(* Let $n,m$ be positive integers, $A_1,\dots,A_m\in\mathbb{S}_n$, $\mathcal{A}(X)=(\langle A_i,X\rangle)_{i=1}^m$, $\mathcal{A}^*(y)=\sum_i y_iA_i$, with $\mathcal{A}\mathcal{A}^*$ invertible; let $b\in\mathbb{R}^m$, $C\in\mathbb{S}_n$, $D:=\mathcal{A}^*((\mathcal{A}\mathcal{A}^* )^{-1}b)$. Fix $\sigma_k>0$, $y^k\in\mathbb{R}^m$, $\widetilde{X}^k\in\mathbb{S}_n$, and let $$\Phi_k(S)=\langle D,S+C\rangle-\langle\widetilde{X}^k,\mathcal{A}^*(y^k)-S-C\rangle+\tfrac{\sigma_k}{2}\|\mathcal{A}^*(y^k)-S-C\|^2,\quad S\in\mathbb{S}_n,$$ so that $\nabla\Phi_k(S)=\widetilde{X}^k-\sigma_k(\mathcal{A}^*(y^k)-S-C)+D$. For each positive integer $q$ let $\mathcal{N}_q=\{Y\in\mathbb{R}^{n\times q}: \text{every row of }Y\text{ has Euclidean norm }1\}$ and $\Psi_k(Y)=\Phi_k(YY^{\intercal})$ for $Y\in\mathcal{N}_q$. Let $p$ be a positive integer, $Y\in\mathcal{N}_p$, $S=YY^{\intercal}$, and $X=\nabla\Phi_k(S)-\operatorname{Diag}(\nabla\Phi_k(S)S)$, and suppose $X\not\succeq0$. Let $\delta$ be a positive integer and let $V\in\mathbb{R}^{n\times\delta}$ be a matrix whose columns are eigenvectors of $X$ corresponding to negative eigenvalues. Set $\hat Y=[Y,\,0_{n\times\delta}]\in\mathcal{N}_{p+\delta}$ and $U=[0_{n\times p},\,V]$. Then $U$ is a tangent vector to $\mathcal{N}_{p+\delta}$ at $\hat Y$ and it is a second-order descent direction of $\Psi_k$ on $\mathcal{N}_{p+\delta}$ at $\hat Y$, namely $$\langle U,\operatorname{grad}\Psi_k(\hat Y)\rangle=0,\qquad\langle U,\operatorname{Hess}\Psi_k(\hat Y)[U]\rangle<0.$$
   Context: $\mathbb{S}_n$ denotes real symmetric $n\times n$ matrices, $\langle A,B\rangle=\mathrm{Tr}(A^{\intercal}B)$, $\|\cdot\|$ the Frobenius norm. For a square matrix $M$, $\operatorname{Diag}(M)$ is the diagonal matrix having the same diagonal as $M$. $\mathcal{N}_q$ (the oblique manifold) is regarded as a Riemannian submanifold of $\mathbb{R}^{n\times q}$ with the Frobenius inner product; $\operatorname{grad}$ and $\operatorname{Hess}$ denote the Riemannian gradient and Riemannian Hessian with respect to this induced metric. The tangent space at $Y$ is $\{U: \operatorname{diag}(UY^{\intercal})=0\}$. *)

From HB Require Import structures.
From mathcomp Require Import all_boot all_order all_algebra.
From mathcomp Require Import all_classical all_reals all_analysis.
Set Implicit Arguments. Unset Strict Implicit. Unset Printing Implicit Defensive.
Import Order.TTheory GRing.Theory Num.Theory.
Import numFieldNormedType.Exports.
Local Open Scope ring_scope.

Section Defs.
Variable R : realType.

Definition frob {m n : nat} (A B : 'M[R]_(m, n)) : R := \tr (A^T *m B).
Definition frobn2 {m n : nat} (A : 'M[R]_(m, n)) : R := frob A A.

Definition Diag {n : nat} (M : 'M[R]_n) : 'M[R]_n :=
  \matrix_(i, j) (if i == j then M i j else 0).

Definition symmx {n : nat} (M : 'M[R]_n) : Prop := M^T = M.

Definition psd {n : nat} (M : 'M[R]_n) : Prop :=
  forall v : 'cV[R]_n, 0 <= (v^T *m M *m v) 0 0.

Definition oblique {n q : nat} (Y : 'M[R]_(n, q)) : Prop :=
  forall i : 'I_n, \sum_(j < q) (Y i j) ^+ 2 = 1.

Definition tangent {n q : nat} (Y U : 'M[R]_(n, q)) : Prop :=
  forall i : 'I_n, (U *m Y^T) i i = 0.

Definition projT {n q : nat} (Y Z : 'M[R]_(n, q)) : 'M[R]_(n, q) :=
  Z - Diag (Z *m Y^T) *m Y.

Definition egrad {n q : nat} (f : 'M[R]_(n, q) -> R) (Y : 'M[R]_(n, q))
  : 'M[R]_(n, q) := \matrix_(i, j) ('D_(delta_mx i j) f Y).

Definition rgrad {n q : nat} (f : 'M[R]_(n, q) -> R) (Y : 'M[R]_(n, q))
  : 'M[R]_(n, q) := projT Y (egrad f Y).

(* Riemannian Hessian on the Riemannian submanifold N_q (Levi-Civita
   connection of the induced metric): Hess f(Y)[U] = P_Y( D(grad f)(Y)[U] ),
   where grad f is extended to the ambient space by Z |-> P_Z(egrad f Z). *)
Definition rhess {n q : nat} (f : 'M[R]_(n, q) -> R) (Y U : 'M[R]_(n, q))
  : 'M[R]_(n, q) := projT Y ('D_U (fun Z => projT Z (egrad f Z)) Y).

Definition Astar {n m : nat} (A : 'I_m -> 'M[R]_n) (y : 'cV[R]_m) : 'M[R]_n :=
  \sum_(i < m) y i 0 *: A i.

Definition AAstar {n m : nat} (A : 'I_m -> 'M[R]_n) : 'M[R]_m :=
  \matrix_(i, j) frob (A i) (A j).

Definition Dmat {n m : nat} (A : 'I_m -> 'M[R]_n) (b : 'cV[R]_m) : 'M[R]_n :=
  Astar A (invmx (AAstar A) *m b).

Definition Phi {n m : nat} (A : 'I_m -> 'M[R]_n) (b : 'cV[R]_m) (C : 'M[R]_n)
  (sigma : R) (y : 'cV[R]_m) (Xt : 'M[R]_n) (S : 'M[R]_n) : R :=
  frob (Dmat A b) (S + C) - frob Xt (Astar A y - S - C)
  + sigma / 2 * frobn2 (Astar A y - S - C).

Definition gradPhi {n m : nat} (A : 'I_m -> 'M[R]_n) (b : 'cV[R]_m) (C : 'M[R]_n)
  (sigma : R) (y : 'cV[R]_m) (Xt : 'M[R]_n) (S : 'M[R]_n) : 'M[R]_n :=
  Xt - sigma *: (Astar A y - S - C) + Dmat A b.

Definition Psi {n m q : nat} (A : 'I_m -> 'M[R]_n) (b : 'cV[R]_m) (C : 'M[R]_n)
  (sigma : R) (y : 'cV[R]_m) (Xt : 'M[R]_n) (Y : 'M[R]_(n, q)) : R :=
  Phi A b C sigma y Xt (Y *m Y^T).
·····
Exercise directions: Please print all the data again exactly as given.

Answer box:
(* Let $n,m$ be positive integers, $A_1,\dots,A_m\in\mathbb{S}_n$, $\mathcal{A}(X)=(\langle A_i,X\rangle)_{i=1}^m$, $\mathcal{A}^*(y)=\sum_i y_iA_i$, with $\mathcal{A}\mathcal{A}^*$ invertible; let $b\in\mathbb{R}^m$, $C\in\mathbb{S}_n$, $D:=\mathcal{A}^*((\mathcal{A}\mathcal{A}^* )^{-1}b)$. Fix $\sigma_k>0$, $y^k\in\mathbb{R}^m$, $\widetilde{X}^k\in\mathbb{S}_n$, and let $$\Phi_k(S)=\langle D,S+C\rangle-\langle\widetilde{X}^k,\mathcal{A}^*(y^k)-S-C\rangle+\tfrac{\sigma_k}{2}\|\mathcal{A}^*(y^k)-S-C\|^2,\quad S\in\mathbb{S}_n,$$ so that $\nabla\Phi_k(S)=\widetilde{X}^k-\sigma_k(\mathcal{A}^*(y^k)-S-C)+D$. For each positive integer $q$ let $\mathcal{N}_q=\{Y\in\mathbb{R}^{n\times q}: \text{every row of }Y\text{ has Euclidean norm }1\}$ and $\Psi_k(Y)=\Phi_k(YY^{\intercal})$ for $Y\in\mathcal{N}_q$. Let $p$ be a positive integer, $Y\in\mathcal{N}_p$, $S=YY^{\intercal}$, and $X=\nabla\Phi_k(S)-\operatorname{Diag}(\nabla\Phi_k(S)S)$, and suppose $X\not\succeq0$. Let $\delta$ be a positive integer and let $V\in\mathbb{R}^{n\times\delta}$ be a matrix whose columns are eigenvectors of $X$ corresponding to negative eigenvalues. Set $\hat Y=[Y,\,0_{n\times\delta}]\in\mathcal{N}_{p+\delta}$ and $U=[0_{n\times p},\,V]$. Then $U$ is a tangent vector to $\mathcal{N}_{p+\delta}$ at $\hat Y$ and it is a second-order descent direction of $\Psi_k$ on $\mathcal{N}_{p+\delta}$ at $\hat Y$, namely $$\langle U,\operatorname{grad}\Psi_k(\hat Y)\rangle=0,\qquad\langle U,\operatorname{Hess}\Psi_k(\hat Y)[U]\rangle<0.$$
   Context: $\mathbb{S}_n$ denotes real symmetric $n\times n$ matrices, $\langle A,B\rangle=\mathrm{Tr}(A^{\intercal}B)$, $\|\cdot\|$ the Frobenius norm. For a square matrix $M$, $\operatorname{Diag}(M)$ is the diagonal matrix having the same diagonal as $M$. $\mathcal{N}_q$ (the oblique manifold) is regarded as a Riemannian submanifold of $\mathbb{R}^{n\times q}$ with the Frobenius inner product; $\operatorname{grad}$ and $\operatorname{Hess}$ denote the Riemannian gradient and Riemannian Hessian with respect to this induced metric. The tangent space at $Y$ is $\{U: \operatorname{diag}(UY^{\intercal})=0\}$. *)

From HB Require Import structures.
From mathcomp Require Import all_boot all_order all_algebra.
From mathcomp Require Import all_classical all_reals all_analysis.
Set Implicit Arguments. Unset Strict Implicit. Unset Printing Implicit Defensive.
Import Order.TTheory GRing.Theory Num.Theory.
Import numFieldNormedType.Exports.
Local Open Scope ring_scope.

Section Defs.
Variable R : realType.

Definition frob {m n : nat} (A B : 'M[R]_(m, n)) : R := \tr (A^T *m B).
Definition frobn2 {m n : nat} (A : 'M[R]_(m, n)) : R := frob A A.

Definition Diag {n : nat} (M : 'M[R]_n) : 'M[R]_n :=
  \matrix_(i, j) (if i == j then M i j else 0).

Definition symmx {n : nat} (M : 'M[R]_n) : Prop := M^T = M.

Definition psd {n : nat} (M : 'M[R]_n) : Prop :=
  forall v : 'cV[R]_n, 0 <= (v^T *m M *m v) 0 0.

Definition oblique {n q : nat} (Y : 'M[R]_(n, q)) : Prop :=
  forall i : 'I_n, \sum_(j < q) (Y i j) ^+ 2 = 1.

Definition tangent {n q : nat} (Y U : 'M[R]_(n, q)) : Prop :=
  forall i : 'I_n, (U *m Y^T) i i = 0.

Definition projT {n q : nat} (Y Z : 'M[R]_(n, q)) : 'M[R]_(n, q) :=
  Z - Diag (Z *m Y^T) *m Y.

Definition egrad {n q : nat} (f : 'M[R]_(n, q) -> R) (Y : 'M[R]_(n, q))
  : 'M[R]_(n, q) := \matrix_(i, j) ('D_(delta_mx i j) f Y).

Definition rgrad {n q : nat} (f : 'M[R]_(n, q) -> R) (Y : 'M[R]_(n, q))
  : 'M[R]_(n, q) := projT Y (egrad f Y).

(* Riemannian Hessian on the Riemannian submanifold N_q (Levi-Civita
   connection of the induced metric): Hess f(Y)[U] = P_Y( D(grad f)(Y)[U] ),
   where grad f is extended to the ambient space by Z |-> P_Z(egrad f Z). *)
Definition rhess {n q : nat} (f : 'M[R]_(n, q) -> R) (Y U : 'M[R]_(n, q))
  : 'M[R]_(n, q) := projT Y ('D_U (fun Z => projT Z (egrad f Z)) Y).

Definition Astar {n m : nat} (A : 'I_m -> 'M[R]_n) (y : 'cV[R]_m) : 'M[R]_n :=
  \sum_(i < m) y i 0 *: A i.

Definition AAstar {n m : nat} (A : 'I_m -> 'M[R]_n) : 'M[R]_m :=
  \matrix_(i, j) frob (A i) (A j).

Definition Dmat {n m : nat} (A : 'I_m -> 'M[R]_n) (b : 'cV[R]_m) : 'M[R]_n :=
  Astar A (invmx (AAstar A) *m b).

Definition Phi {n m : nat} (A : 'I_m -> 'M[R]_n) (b : 'cV[R]_m) (C : 'M[R]_n)
  (sigma : R) (y : 'cV[R]_m) (Xt : 'M[R]_n) (S : 'M[R]_n) : R :=
  frob (Dmat A b) (S + C) - frob Xt (Astar A y - S - C)
  + sigma / 2 * frobn2 (Astar A y - S - C).

Definition gradPhi {n m : nat} (A : 'I_m -> 'M[R]_n) (b : 'cV[R]_m) (C : 'M[R]_n)
  (sigma : R) (y : 'cV[R]_m) (Xt : 'M[R]_n) (S : 'M[R]_n) : 'M[R]_n :=
  Xt - sigma *: (Astar A y - S - C) + Dmat A b.

Definition Psi {n m q : nat} (A : 'I_m -> 'M[R]_n) (b : 'cV[R]_m) (C : 'M[R]_n)
  (sigma : R) (y : 'cV[R]_m) (Xt : 'M[R]_n) (Y : 'M[R]_(n, q)) : R :=
  Phi A b C sigma y Xt (Y *m Y^T).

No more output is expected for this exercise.